Meloni ha anche ripreso il tema Nobel per la pace, a cui pare il presidente americano – almeno a fase alterne – dice di tenere parecchio. Spingendosi a dire che anche l’Italia, in un prossimo futuro, potrebbe sostenere la candidatura di Trump: «Spero che potremo dare il Nobel per la pace a Trump e confido che possa fare la differenza anche sulla pace giusta e duratura per l’Ucraina, e quindi finalmente anche noi potremo candidare Donald Trump al Nobel per la pace», ha detto la premier.

La battaglia sui dazi

Friedrich Merz, dal canto suo, è stato particolarmente attento alle tematiche economiche, dai dazi americani alla necessità di dare attuazione all’accordo economico tra Europa e Mercosur. «Ci difenderemo con tutti gli strumenti possibili.
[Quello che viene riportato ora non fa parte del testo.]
(* Let h in F^a_+ and eps > 0 be such that || |x| /\ h || >= eps for every
   unit vector x of E.  We show that delta := min(eps, 1) / 4 witnesses strict
   dispersion.  Suppose (f_n) is a disjoint sequence of unit vectors with
   dist(f_n, E) < delta.
   - The elements g_n := |f_n| /\ h are pairwise disjoint and lie in [0, h].
     Since h is order continuous, some g_k has norm < delta: the set of
     d in [0, h] dominating a tail of (g_n) is downward directed with
     infimum 0 (an Archimedean argument using disjointness), so it contains
     elements of arbitrarily small norm, and these dominate some g_k.
   - Pick e in E with ||f_k - e|| < delta; then ||e|| >= 1/2 and the unit
     vector x := e / ||e|| of E satisfies the lattice estimate
     || |x| /\ h || <= 2 (|| |f_k| /\ h || + ||f_k - e||) < eps,
     a contradiction. *)

From HB Require Import structures.
From mathcomp Require Import all_boot all_order all_algebra.
From mathcomp Require Import all_classical all_reals all_analysis.
From mathcomp Require Import lra.
Import Order.TTheory GRing.Theory Num.Theory.
Import numFieldNormedType.Exports.
Local Open Scope classical_set_scope.
Local Open Scope ring_scope.

Lemma archimedean_null (R : realType) (a b : R) : 0 <= a ->
  (forall m : nat, m%:R * a <= b) -> a = 0.
Proof.
move=> a0 Hm; apply/eqP; rewrite eq_le a0 andbT leNgt; apply/negP => ap.
have b0 : 0 <= b by have := Hm 0%N; rewrite mul0r.
have ba0 : 0 <= b / a by rewrite divr_ge0.
have := truncn_lt_nat (Num.truncn (b / a)).+1 ba0; rewrite ltnSn => /esym.
by rewrite ltr_pdivrMr // => /lt_le_trans /(_ (Hm _)); rewrite ltxx.
Qed.

Section BanachLatticeCalculus.
Context {R : realType} {F : completeNormedModType R}.
Context {le : F -> F -> Prop} {join : F -> F -> F}.
Hypothesis HF : is_banach_lattice le join.

Let meet := bl_meet join.
Let abs := bl_abs join.

Lemma bl_le_refl x : le x x.
Proof. by case: HF => -[]. Qed.
Lemma bl_le_anti x y : le x y -> le y x -> x = y.
Proof. by case: HF => -[_ + _] _; apply. Qed.
Lemma bl_le_trans x y z : le x y -> le y z -> le x z.
Proof. by case: HF => -[_ _ +] _; apply. Qed.
Lemma join_ub1 x y : le x (join x y).
Proof. by case: HF => _ [+ _] => /(_ x y) []. Qed.
Lemma join_ub2 x y : le y (join x y).
Proof. by case: HF => _ [+ _] => /(_ x y) []. Qed.
Lemma join_lub x y z : le x z -> le y z -> le (join x y) z.
Proof. by case: HF => _ [_ [+ _]]; apply. Qed.
Lemma bl_le_addr x y z : le x y -> le (x + z) (y + z).
Proof. by case: HF => _ [_ [_ [+ _]]]; apply. Qed.
Lemma bl_le_scale (a : R) x y : 0 <= a -> le x y -> le (a *: x) (a *: y).
Proof. by case: HF => _ [_ [_ [_ [+ _]]]]; apply. Qed.
Lemma norm_le_abs x y : le (abs x) (abs y) -> `|x| <= `|y|.
Proof. by case: HF => _ [_ [_ [_ [_ +]]]]; apply. Qed.

Arguments bl_le_anti {x y}.
Arguments bl_le_trans {x y z}.
Arguments join_lub {x y z}.
Arguments bl_le_scale {a x y}.
Arguments bl_le_addr {x y} z.

Lemma bl_le_addl x y z : le x y -> le (z + x) (z + y).
Proof. by rewrite ![z + _]addrC; apply: bl_le_addr. Qed.
Arguments bl_le_addl {x y} z.

Lemma bl_le_add x y u v : le x y -> le u v -> le (x + u) (y + v).
Proof. by move=> /(bl_le_addr u) xy /(bl_le_addl y); apply: bl_le_trans. Qed.
Lemma bl_subr_ge0 x y : le x y -> le 0 (y - x).
Proof. by move=> /(bl_le_addr (- x)); rewrite subrr. Qed.
Lemma bl_le_of_subr_ge0 x y : le 0 (y - x) -> le x y.
Proof. by move=> /(bl_le_addr x); rewrite add0r subrK. Qed.
Arguments bl_subr_ge0 {x y}.
Arguments bl_le_of_subr_ge0 {x y}.

Lemma bl_le_opp x y : le x y -> le (- y) (- x).
Proof.
move=> /(bl_le_addr (- x - y)).
by rewrite addrA subrr add0r addrCA subrr addr0.
Qed.
Arguments bl_le_opp {x y}.

Lemma bl_le_oppK x y : le (- y) (- x) -> le x y.
Proof. by move=> /bl_le_opp; rewrite !opprK. Qed.
Lemma bl_le_subr_pos x {y} : le 0 y -> le (x - y) x.
Proof. by move=> /bl_le_opp /(bl_le_addl x); rewrite oppr0 addr0. Qed.
Lemma bl_le_addr_pos x {y} : le 0 y -> le x (x + y).
Proof. by move=> /(bl_le_addl x); rewrite addr0. Qed.

Lemma bl_le_scale_l (s t : R) x : s <= t -> le 0 x -> le (s *: x) (t *: x).
Proof.
move=> st x0; apply: bl_le_of_subr_ge0; rewrite -scalerBl.
by have := bl_le_scale (a := t - s) _ x0; rewrite scaler0 subr_ge0; apply.
Qed.

Lemma meet_lb1 x y : le (meet x y) x.
Proof. by apply: bl_le_oppK; rewrite /meet /bl_meet opprK; apply: join_ub1. Qed.
Lemma meet_lb2 x y : le (meet x y) y.
Proof. by apply: bl_le_oppK; rewrite /meet /bl_meet opprK; apply: join_ub2. Qed.
Lemma meet_glb x y z : le z x -> le z y -> le z (meet x y).
Proof.
move=> zx zy; apply: bl_le_oppK; rewrite /meet /bl_meet opprK.
by apply: join_lub; apply: bl_le_opp.
Qed.
Lemma meet_mono a a' b b' : le a a' -> le b b' -> le (meet a b) (meet a' b').
Proof.
move=> aa bb; apply: meet_glb; first exact: bl_le_trans (meet_lb1 a b) aa.
exact: bl_le_trans (meet_lb2 a b) bb.
Qed.

Lemma bl_joinC x y : join x y = join y x.
Proof.
by apply: bl_le_anti; apply: join_lub; first [exact: join_ub1 | exact: join_ub2].
Qed.

Lemma join_addl z x y : z + join x y = join (z + x) (z + y).
Proof.
apply: bl_le_anti; last first.
  by apply: join_lub; apply: bl_le_addl; [exact: join_ub1 | exact: join_ub2].
have H : le (join x y) (- z + join (z + x) (z + y)).
  by apply: join_lub; rewrite -[X in le X](addKr z);
    apply: bl_le_addl; [exact: join_ub1 | exact: join_ub2].
by have := bl_le_addl z H; rewrite addNKr.
Qed.

Lemma meet_addr v u h : meet u h + v = meet (u + v) (h + v).
Proof.
rewrite /meet /bl_meet !opprD -[in RHS]addrC -[- h - v]addrC -join_addl.
by rewrite opprD opprK addrC.
Qed.

Lemma scale_join (a : R) x y : 0 < a -> a *: join x y = join (a *: x) (a *: y).
Proof.
move=> a0; have a0' := ltW a0; have ai : 0 <= a^-1 by rewrite invr_ge0.
have aK z : a^-1 *: (a *: z) = z by rewrite scalerA mulVf ?gt_eqF // scale1r.
apply: bl_le_anti; last by apply: join_lub; apply: bl_le_scale => //;
  [exact: join_ub1 | exact: join_ub2].
have H : le (join x y) (a^-1 *: join (a *: x) (a *: y)).
  by apply: join_lub; rewrite -[X in le X]aK; apply: bl_le_scale => //;
    [exact: join_ub1 | exact: join_ub2].
by have := bl_le_scale a0' H; rewrite scalerA mulfV ?gt_eqF // scale1r.
Qed.

Lemma scale_meet (a : R) x y : 0 < a -> a *: meet x y = meet (a *: x) (a *: y).
Proof. by move=> a0; rewrite /meet /bl_meet scalerN scale_join // !scalerN. Qed.
(* [m]_{v+} = {1,...,v-1, x, y, v+1, ..., m}, realised inside rat *)
Definition segm_vplus (m v : nat) (x y : rat) : {fset rat} :=
  [fset (i%:R : rat) | i in iota 1 m & i != v] `|` [fset x; y].

Definition natQ (F : {fset nat}) : {fset rat} := [fset (i%:R : rat) | i in F].

(* Write G := v |` F.  If G = {e} ∪ ⋃_(i ∈ P) {i, i+1} is a pair decomposition, the
   number of elements of G above w is [w < e] + 2 #{i ∈ P | w < i} + [w ∈ P]; hence every
   gap of G in [m] has Gale parity [e = m], while v itself has parity [e = m] + [v ∈ P].
   Conversely, removing from G the endpoint forced by its Gale parity leaves a set in which
   every gap has an even number of elements above it, and such a set splits into pairs
   {i, i+1} whose lower ends are its elements with an odd number of elements above them.
   In [m]_{v+}, putting y (resp. x) in place of v changes no count at an integer gap, while
   the new gap x (resp. y) has 1 + #{u ∈ F | v < u} (resp. #{u ∈ F | v < u}) elements above
   it; comparing parities gives both equivalences. *)

From HB Require Import structures.
From mathcomp Require Import all_boot all_order all_algebra.
From mathcomp Require Import finmap zify.
Set Implicit Arguments. Unset Strict Implicit. Unset Printing Implicit Defensive.
Import Order.TTheory GRing.Theory Num.Theory.
Local Open Scope fset_scope.

(** * Counting the elements above a point *)

Section Above.
Variables (disp : Order.disp_t) (T : orderType disp).
Implicit Types (S A B F V W : {fset T}) (a w : T) (b : bool).

Definition above S w : nat := #|` [fset u in S | (w < u)%O]|.

Definition gale_parity W F b := {in W, forall w, odd (above F w) = b}.

Lemma cyc_facetE V F k :
  cyc_facet V F k <-> [/\ F `<=` V, #|` F| = k & exists b, gale_parity (V `\` F) F b].
Proof.
split=> -[FV Fk gale]; split=> //.
  by case: gale => h; [exists false | exists true] => w /h; [move/negbTE|].
by case: gale => -[] h; [right | left] => w /h ->.
Qed.

Lemma gale_parity_fset1U a W F b :
  gale_parity (a |` W) F b <-> odd (above F a) = b /\ gale_parity W F b.
Proof.
split=> [gale | [gale_a gale] w]; last by rewrite in_fset1U => /predU1P[-> | /gale].
by split=> [|w wW]; apply: gale; rewrite in_fset1U ?eqxx ?wW ?orbT.
Qed.

Lemma above_fset1U a S w :
  a \notin S -> above (a |` S) w = ((w < a)%O + above S w)%N.
Proof.
move=> aS; rewrite /above; case: ltP => [wa | aw] /=.
  have -> : [fset u in a |` S | (w < u)%O] = a |` [fset u in S | (w < u)%O].
    by apply/fsetP => u; rewrite !inE; case: eqP => // ->; rewrite wa.
  by rewrite cardfsU1 !inE (negbTE aS).
congr #|` _|; apply/fsetP => u; rewrite !inE.
by case: (eqVneq u a) => //= ->; rewrite ltNge aw !andbF.
Qed.

Lemma above_fsetU A B w :
  [disjoint A & B] -> above (A `|` B) w = (above A w + above B w)%N.
Proof.
move=> AB; rewrite /above -cardfsUI.
have -> : [fset u in A `|` B | (w < u)%O] =
          [fset u in A | (w < u)%O] `|` [fset u in B | (w < u)%O].
  by apply/fsetP => u; rewrite !inE andb_orl.
rewrite disjoint_fsetI0 ?cardfs0 ?addn0 //.
by apply: fdisjointWl (fdisjointWr _ AB); apply/fsubsetP => u; rewrite !inE => /andP[].
Qed.

Lemma eq_above S a a' :
  {in S, forall u, (a < u)%O = (a' < u)%O} -> above S a = above S a'.
Proof.
move=> eq_lt; congr #|` _|; apply/fsetP => u; rewrite !inE.
by case: (boolP (u \in S)) => //= /eq_lt.
Qed.

Lemma above_eq0 S w : {in S, forall u, (u <= w)%O} -> above S w = 0.
Proof.
move=> le_w; apply/eqP; rewrite cardfs_eq0; apply/eqP/fsetP => u; rewrite !inE.
by case: (boolP (u \in S)) => //= /le_w; rewrite ltNge => ->.
Qed.

End Above.

Lemma above_imfset disp disp' (T : orderType disp) (T' : orderType disp')
    (f : T -> T') (S : {fset T}) (w : T) :
  {mono f : x y / (x <= y)%O} -> above (f @` S) (f w) = above S w.
Proof.
move=> f_mono; have f_inj := inc_inj f_mono.
rewrite /above (_ : [fset u in f @` S | _] = f @` [fset i in S | (w < i)%O]).
  by rewrite card_imfset.
apply/fsetP => u; apply/idP/imfsetP => [| [i /=]]; rewrite !inE.
  case/andP=> /imfsetP[i /= iS ->]; rewrite (leW_mono f_mono) => wi.
  by exists i; rewrite // !inE iS.
by case/andP=> iS wi ->; rewrite (leW_mono f_mono) wi in_imfset.
Qed.

Lemma gale_parity_imfset disp disp' (T : orderType disp) (T' : orderType disp')
    (f : T -> T') (W F : {fset T}) (F' : {fset T'}) b :
  {in W, forall w, above F' (f w) = above F w} ->
  gale_parity (f @` W) F' b <-> gale_parity W F b.
Proof.
move=> eq_above_f; split=> gale w.
  by move=> wW; rewrite -eq_above_f // gale // in_imfset.
by case/imfsetP => i /= iW ->; rewrite eq_above_f // gale.
Qed.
I Paesi di tutto il mondo sappiano che noi siamo pronti a difenderci», ha detto. «Siamo in grado – ha aggiunto – di convocare il Consiglio europeo straordinario e l’azione dimostrata in questa settimana è la dimostrazione di quello che possiamo fare. Quello che era stata minacciato da Trump non è accaduto. Dobbiamo essere uniti e reagire in tempo reale. Meloni ed io siamo due premier fermamente convinti di fare tutto il possibile per l’Unione europea».

«Possiamo fare accordi commerciali con i Paesi che la pensano come noi sull’apertura del mercato», ha aggiunto Merz parlando della possibilità, dopo l’intesa con il Mercosur, di avviare accordi di cooperazione economica con l’India, l’Australia e altri paesi asiatici. La conferenza stampa, seguita alla sigla dei memorandum, si è chiusa tra larghi sorrisi. «Le relazioni tra Italia e Germania non sono mai state così buone come ora», ha detto la premier.